[What is required] Instruction for the data below: set down exactly the lines from the line with "(fobj F c)) d u." to the line with "exists (P : B)", inclusive, and no others.

[Data]
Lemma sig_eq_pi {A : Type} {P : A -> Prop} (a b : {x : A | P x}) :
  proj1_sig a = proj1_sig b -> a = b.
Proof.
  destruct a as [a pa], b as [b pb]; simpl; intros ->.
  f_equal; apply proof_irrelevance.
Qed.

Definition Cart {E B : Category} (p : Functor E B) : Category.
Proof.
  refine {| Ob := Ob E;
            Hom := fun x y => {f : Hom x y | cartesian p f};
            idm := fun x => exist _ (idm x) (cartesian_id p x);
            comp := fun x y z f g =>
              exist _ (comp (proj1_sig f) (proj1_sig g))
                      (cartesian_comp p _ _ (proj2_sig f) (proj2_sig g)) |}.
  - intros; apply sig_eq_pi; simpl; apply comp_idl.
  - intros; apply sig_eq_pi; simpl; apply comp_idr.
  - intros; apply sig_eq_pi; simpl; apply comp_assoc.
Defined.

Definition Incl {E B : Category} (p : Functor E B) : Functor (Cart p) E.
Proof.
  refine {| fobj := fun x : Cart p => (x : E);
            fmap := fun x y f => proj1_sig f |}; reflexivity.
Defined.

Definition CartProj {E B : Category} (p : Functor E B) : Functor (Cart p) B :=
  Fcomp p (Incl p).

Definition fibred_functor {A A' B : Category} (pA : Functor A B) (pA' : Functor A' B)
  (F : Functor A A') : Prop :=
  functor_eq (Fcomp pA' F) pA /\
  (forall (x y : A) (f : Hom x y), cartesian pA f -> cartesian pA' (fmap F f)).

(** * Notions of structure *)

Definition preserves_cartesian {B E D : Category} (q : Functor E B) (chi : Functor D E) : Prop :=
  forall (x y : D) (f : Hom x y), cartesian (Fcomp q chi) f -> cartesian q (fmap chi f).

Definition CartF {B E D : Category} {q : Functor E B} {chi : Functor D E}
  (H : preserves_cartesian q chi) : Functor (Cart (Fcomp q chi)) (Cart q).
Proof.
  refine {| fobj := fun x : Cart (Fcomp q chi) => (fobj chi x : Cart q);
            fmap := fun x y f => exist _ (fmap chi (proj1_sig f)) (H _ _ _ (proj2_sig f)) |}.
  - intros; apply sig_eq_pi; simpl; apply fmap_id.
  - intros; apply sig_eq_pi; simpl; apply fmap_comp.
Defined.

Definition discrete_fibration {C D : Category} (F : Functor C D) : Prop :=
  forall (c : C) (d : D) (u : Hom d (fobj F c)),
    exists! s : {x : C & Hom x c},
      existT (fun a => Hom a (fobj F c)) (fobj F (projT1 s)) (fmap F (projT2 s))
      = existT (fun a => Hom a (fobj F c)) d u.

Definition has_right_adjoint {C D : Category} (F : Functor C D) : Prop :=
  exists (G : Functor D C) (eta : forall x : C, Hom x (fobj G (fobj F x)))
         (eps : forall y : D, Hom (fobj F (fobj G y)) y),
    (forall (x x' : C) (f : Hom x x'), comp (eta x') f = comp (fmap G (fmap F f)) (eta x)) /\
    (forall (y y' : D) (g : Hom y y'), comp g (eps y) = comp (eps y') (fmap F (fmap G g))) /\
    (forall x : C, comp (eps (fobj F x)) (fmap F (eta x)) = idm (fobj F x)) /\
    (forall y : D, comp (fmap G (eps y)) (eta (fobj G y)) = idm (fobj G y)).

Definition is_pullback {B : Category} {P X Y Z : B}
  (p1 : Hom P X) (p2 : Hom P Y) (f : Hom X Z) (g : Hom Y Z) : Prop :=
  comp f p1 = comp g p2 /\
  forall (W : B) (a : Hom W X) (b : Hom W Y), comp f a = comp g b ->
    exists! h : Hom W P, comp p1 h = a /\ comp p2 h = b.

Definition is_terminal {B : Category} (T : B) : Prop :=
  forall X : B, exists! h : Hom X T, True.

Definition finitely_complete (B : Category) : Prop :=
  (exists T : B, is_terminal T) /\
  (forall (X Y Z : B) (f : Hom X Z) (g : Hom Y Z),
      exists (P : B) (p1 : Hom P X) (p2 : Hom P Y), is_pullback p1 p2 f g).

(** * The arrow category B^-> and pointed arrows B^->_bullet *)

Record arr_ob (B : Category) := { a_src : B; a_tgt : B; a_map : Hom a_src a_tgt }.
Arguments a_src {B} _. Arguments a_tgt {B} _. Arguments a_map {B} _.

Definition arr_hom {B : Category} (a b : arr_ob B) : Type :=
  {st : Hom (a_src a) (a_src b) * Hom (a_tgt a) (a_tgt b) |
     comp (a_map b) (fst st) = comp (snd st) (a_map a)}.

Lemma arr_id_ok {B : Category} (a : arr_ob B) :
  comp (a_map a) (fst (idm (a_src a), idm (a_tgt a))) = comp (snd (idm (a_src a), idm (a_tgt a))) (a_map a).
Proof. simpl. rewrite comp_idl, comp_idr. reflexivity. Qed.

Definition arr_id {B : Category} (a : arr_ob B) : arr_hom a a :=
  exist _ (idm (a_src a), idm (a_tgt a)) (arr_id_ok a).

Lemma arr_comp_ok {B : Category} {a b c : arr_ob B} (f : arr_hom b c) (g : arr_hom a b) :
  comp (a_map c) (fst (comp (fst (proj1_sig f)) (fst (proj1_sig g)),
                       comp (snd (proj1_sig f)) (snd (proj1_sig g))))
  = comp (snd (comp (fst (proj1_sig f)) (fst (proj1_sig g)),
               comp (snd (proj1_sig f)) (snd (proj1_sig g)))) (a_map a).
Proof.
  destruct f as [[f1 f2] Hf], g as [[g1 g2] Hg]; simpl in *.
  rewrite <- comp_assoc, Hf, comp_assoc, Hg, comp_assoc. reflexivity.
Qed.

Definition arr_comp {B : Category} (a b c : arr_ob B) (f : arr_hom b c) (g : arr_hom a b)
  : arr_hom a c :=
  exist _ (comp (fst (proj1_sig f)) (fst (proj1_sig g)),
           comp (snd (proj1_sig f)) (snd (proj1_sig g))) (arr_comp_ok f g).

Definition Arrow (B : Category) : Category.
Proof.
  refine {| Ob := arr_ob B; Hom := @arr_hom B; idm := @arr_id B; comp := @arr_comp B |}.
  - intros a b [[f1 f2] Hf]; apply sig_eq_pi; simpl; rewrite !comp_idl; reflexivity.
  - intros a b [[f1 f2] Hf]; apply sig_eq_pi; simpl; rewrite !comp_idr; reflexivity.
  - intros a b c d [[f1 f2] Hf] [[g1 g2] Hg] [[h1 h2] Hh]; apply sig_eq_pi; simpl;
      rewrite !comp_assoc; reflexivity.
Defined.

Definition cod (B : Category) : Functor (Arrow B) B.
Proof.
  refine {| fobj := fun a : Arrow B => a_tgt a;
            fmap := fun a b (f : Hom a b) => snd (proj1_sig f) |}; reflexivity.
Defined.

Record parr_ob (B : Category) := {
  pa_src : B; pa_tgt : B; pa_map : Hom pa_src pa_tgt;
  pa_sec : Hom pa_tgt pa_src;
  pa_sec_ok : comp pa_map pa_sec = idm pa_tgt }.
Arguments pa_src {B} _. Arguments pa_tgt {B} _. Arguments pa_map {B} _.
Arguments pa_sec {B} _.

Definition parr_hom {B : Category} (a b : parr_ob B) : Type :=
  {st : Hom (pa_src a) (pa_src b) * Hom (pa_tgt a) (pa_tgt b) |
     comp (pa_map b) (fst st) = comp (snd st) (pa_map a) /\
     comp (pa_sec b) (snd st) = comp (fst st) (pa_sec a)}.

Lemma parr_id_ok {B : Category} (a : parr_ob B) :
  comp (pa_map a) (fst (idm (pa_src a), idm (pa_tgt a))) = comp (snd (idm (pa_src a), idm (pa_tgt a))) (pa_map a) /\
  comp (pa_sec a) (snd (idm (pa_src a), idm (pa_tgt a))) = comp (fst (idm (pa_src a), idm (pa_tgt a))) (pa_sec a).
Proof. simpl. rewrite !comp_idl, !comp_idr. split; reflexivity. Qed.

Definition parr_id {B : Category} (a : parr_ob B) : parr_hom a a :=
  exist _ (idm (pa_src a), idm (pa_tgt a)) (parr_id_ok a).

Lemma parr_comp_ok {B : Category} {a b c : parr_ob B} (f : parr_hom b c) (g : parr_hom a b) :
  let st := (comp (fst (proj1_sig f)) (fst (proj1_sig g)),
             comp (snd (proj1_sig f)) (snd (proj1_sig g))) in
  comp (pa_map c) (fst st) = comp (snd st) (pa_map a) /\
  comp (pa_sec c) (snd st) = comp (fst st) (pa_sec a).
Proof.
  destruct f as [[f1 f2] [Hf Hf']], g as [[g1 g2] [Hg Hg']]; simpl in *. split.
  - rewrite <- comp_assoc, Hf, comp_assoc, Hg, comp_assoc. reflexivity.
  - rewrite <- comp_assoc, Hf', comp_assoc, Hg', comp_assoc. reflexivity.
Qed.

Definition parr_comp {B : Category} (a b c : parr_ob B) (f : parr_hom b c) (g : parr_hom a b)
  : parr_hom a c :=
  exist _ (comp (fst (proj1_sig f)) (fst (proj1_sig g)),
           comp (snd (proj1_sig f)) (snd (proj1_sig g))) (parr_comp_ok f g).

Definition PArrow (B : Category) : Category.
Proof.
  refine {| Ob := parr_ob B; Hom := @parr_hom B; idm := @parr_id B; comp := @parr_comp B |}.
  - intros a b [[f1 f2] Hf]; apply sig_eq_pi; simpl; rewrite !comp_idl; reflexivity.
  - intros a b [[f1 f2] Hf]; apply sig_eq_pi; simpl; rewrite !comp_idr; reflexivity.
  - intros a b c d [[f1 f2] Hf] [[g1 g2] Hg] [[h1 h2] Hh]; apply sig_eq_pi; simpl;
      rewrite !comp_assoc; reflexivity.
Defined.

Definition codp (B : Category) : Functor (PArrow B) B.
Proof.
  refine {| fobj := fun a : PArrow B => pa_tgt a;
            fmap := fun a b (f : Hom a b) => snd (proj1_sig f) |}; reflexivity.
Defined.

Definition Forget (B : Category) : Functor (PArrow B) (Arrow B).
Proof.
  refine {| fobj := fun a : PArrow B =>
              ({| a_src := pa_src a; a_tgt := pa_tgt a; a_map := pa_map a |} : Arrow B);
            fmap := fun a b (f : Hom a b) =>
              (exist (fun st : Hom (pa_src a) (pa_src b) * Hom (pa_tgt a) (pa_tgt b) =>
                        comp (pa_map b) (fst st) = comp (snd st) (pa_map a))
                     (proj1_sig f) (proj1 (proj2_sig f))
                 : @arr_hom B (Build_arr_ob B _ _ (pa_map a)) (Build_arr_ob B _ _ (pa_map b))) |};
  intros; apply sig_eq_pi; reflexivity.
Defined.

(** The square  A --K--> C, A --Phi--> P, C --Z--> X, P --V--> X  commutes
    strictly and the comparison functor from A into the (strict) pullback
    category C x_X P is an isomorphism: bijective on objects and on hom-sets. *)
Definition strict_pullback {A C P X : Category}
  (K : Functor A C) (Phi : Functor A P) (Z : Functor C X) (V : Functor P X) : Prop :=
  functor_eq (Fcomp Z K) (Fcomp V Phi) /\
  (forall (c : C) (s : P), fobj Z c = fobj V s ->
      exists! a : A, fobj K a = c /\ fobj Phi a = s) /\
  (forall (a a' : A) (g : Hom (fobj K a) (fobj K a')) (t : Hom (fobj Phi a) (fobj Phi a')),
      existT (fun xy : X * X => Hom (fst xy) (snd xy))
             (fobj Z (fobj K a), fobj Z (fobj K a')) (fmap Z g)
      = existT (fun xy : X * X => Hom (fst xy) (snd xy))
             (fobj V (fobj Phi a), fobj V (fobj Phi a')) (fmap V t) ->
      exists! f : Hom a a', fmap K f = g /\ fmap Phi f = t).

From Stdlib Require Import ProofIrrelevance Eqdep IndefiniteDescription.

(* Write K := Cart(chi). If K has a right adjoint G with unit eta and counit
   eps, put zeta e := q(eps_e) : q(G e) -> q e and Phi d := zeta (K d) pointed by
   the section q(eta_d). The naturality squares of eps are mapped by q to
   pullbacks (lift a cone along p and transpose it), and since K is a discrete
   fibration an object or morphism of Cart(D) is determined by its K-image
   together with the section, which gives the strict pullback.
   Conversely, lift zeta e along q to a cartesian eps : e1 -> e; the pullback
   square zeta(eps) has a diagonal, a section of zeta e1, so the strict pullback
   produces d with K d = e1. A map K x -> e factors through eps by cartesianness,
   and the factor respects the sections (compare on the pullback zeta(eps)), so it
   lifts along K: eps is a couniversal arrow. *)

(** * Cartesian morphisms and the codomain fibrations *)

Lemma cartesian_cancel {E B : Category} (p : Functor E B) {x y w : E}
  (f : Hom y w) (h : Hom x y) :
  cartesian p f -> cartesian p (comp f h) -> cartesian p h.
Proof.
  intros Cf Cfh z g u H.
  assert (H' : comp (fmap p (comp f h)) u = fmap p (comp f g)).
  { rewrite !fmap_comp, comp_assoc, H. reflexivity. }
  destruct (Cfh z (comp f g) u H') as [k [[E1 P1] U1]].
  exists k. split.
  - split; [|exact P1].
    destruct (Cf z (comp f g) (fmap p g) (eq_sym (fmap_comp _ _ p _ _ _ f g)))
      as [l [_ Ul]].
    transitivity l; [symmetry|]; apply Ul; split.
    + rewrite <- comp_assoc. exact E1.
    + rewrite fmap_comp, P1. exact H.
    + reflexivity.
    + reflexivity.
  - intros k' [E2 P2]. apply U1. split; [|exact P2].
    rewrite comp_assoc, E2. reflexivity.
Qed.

[Solution below]
      = existT (fun a => Hom a (fobj F c)) d u.

Definition has_right_adjoint {C D : Category} (F : Functor C D) : Prop :=
  exists (G : Functor D C) (eta : forall x : C, Hom x (fobj G (fobj F x)))
         (eps : forall y : D, Hom (fobj F (fobj G y)) y),
    (forall (x x' : C) (f : Hom x x'), comp (eta x') f = comp (fmap G (fmap F f)) (eta x)) /\
    (forall (y y' : D) (g : Hom y y'), comp g (eps y) = comp (eps y') (fmap F (fmap G g))) /\
    (forall x : C, comp (eps (fobj F x)) (fmap F (eta x)) = idm (fobj F x)) /\
    (forall y : D, comp (fmap G (eps y)) (eta (fobj G y)) = idm (fobj G y)).

Definition is_pullback {B : Category} {P X Y Z : B}
  (p1 : Hom P X) (p2 : Hom P Y) (f : Hom X Z) (g : Hom Y Z) : Prop :=
  comp f p1 = comp g p2 /\
  forall (W : B) (a : Hom W X) (b : Hom W Y), comp f a = comp g b ->
    exists! h : Hom W P, comp p1 h = a /\ comp p2 h = b.

Definition is_terminal {B : Category} (T : B) : Prop :=
  forall X : B, exists! h : Hom X T, True.

Definition finitely_complete (B : Category) : Prop :=
  (exists T : B, is_terminal T) /\
  (forall (X Y Z : B) (f : Hom X Z) (g : Hom Y Z),
      exists (P : B) (p1 : Hom P X) (p2 : Hom P Y), is_pullback p1 p2 f g).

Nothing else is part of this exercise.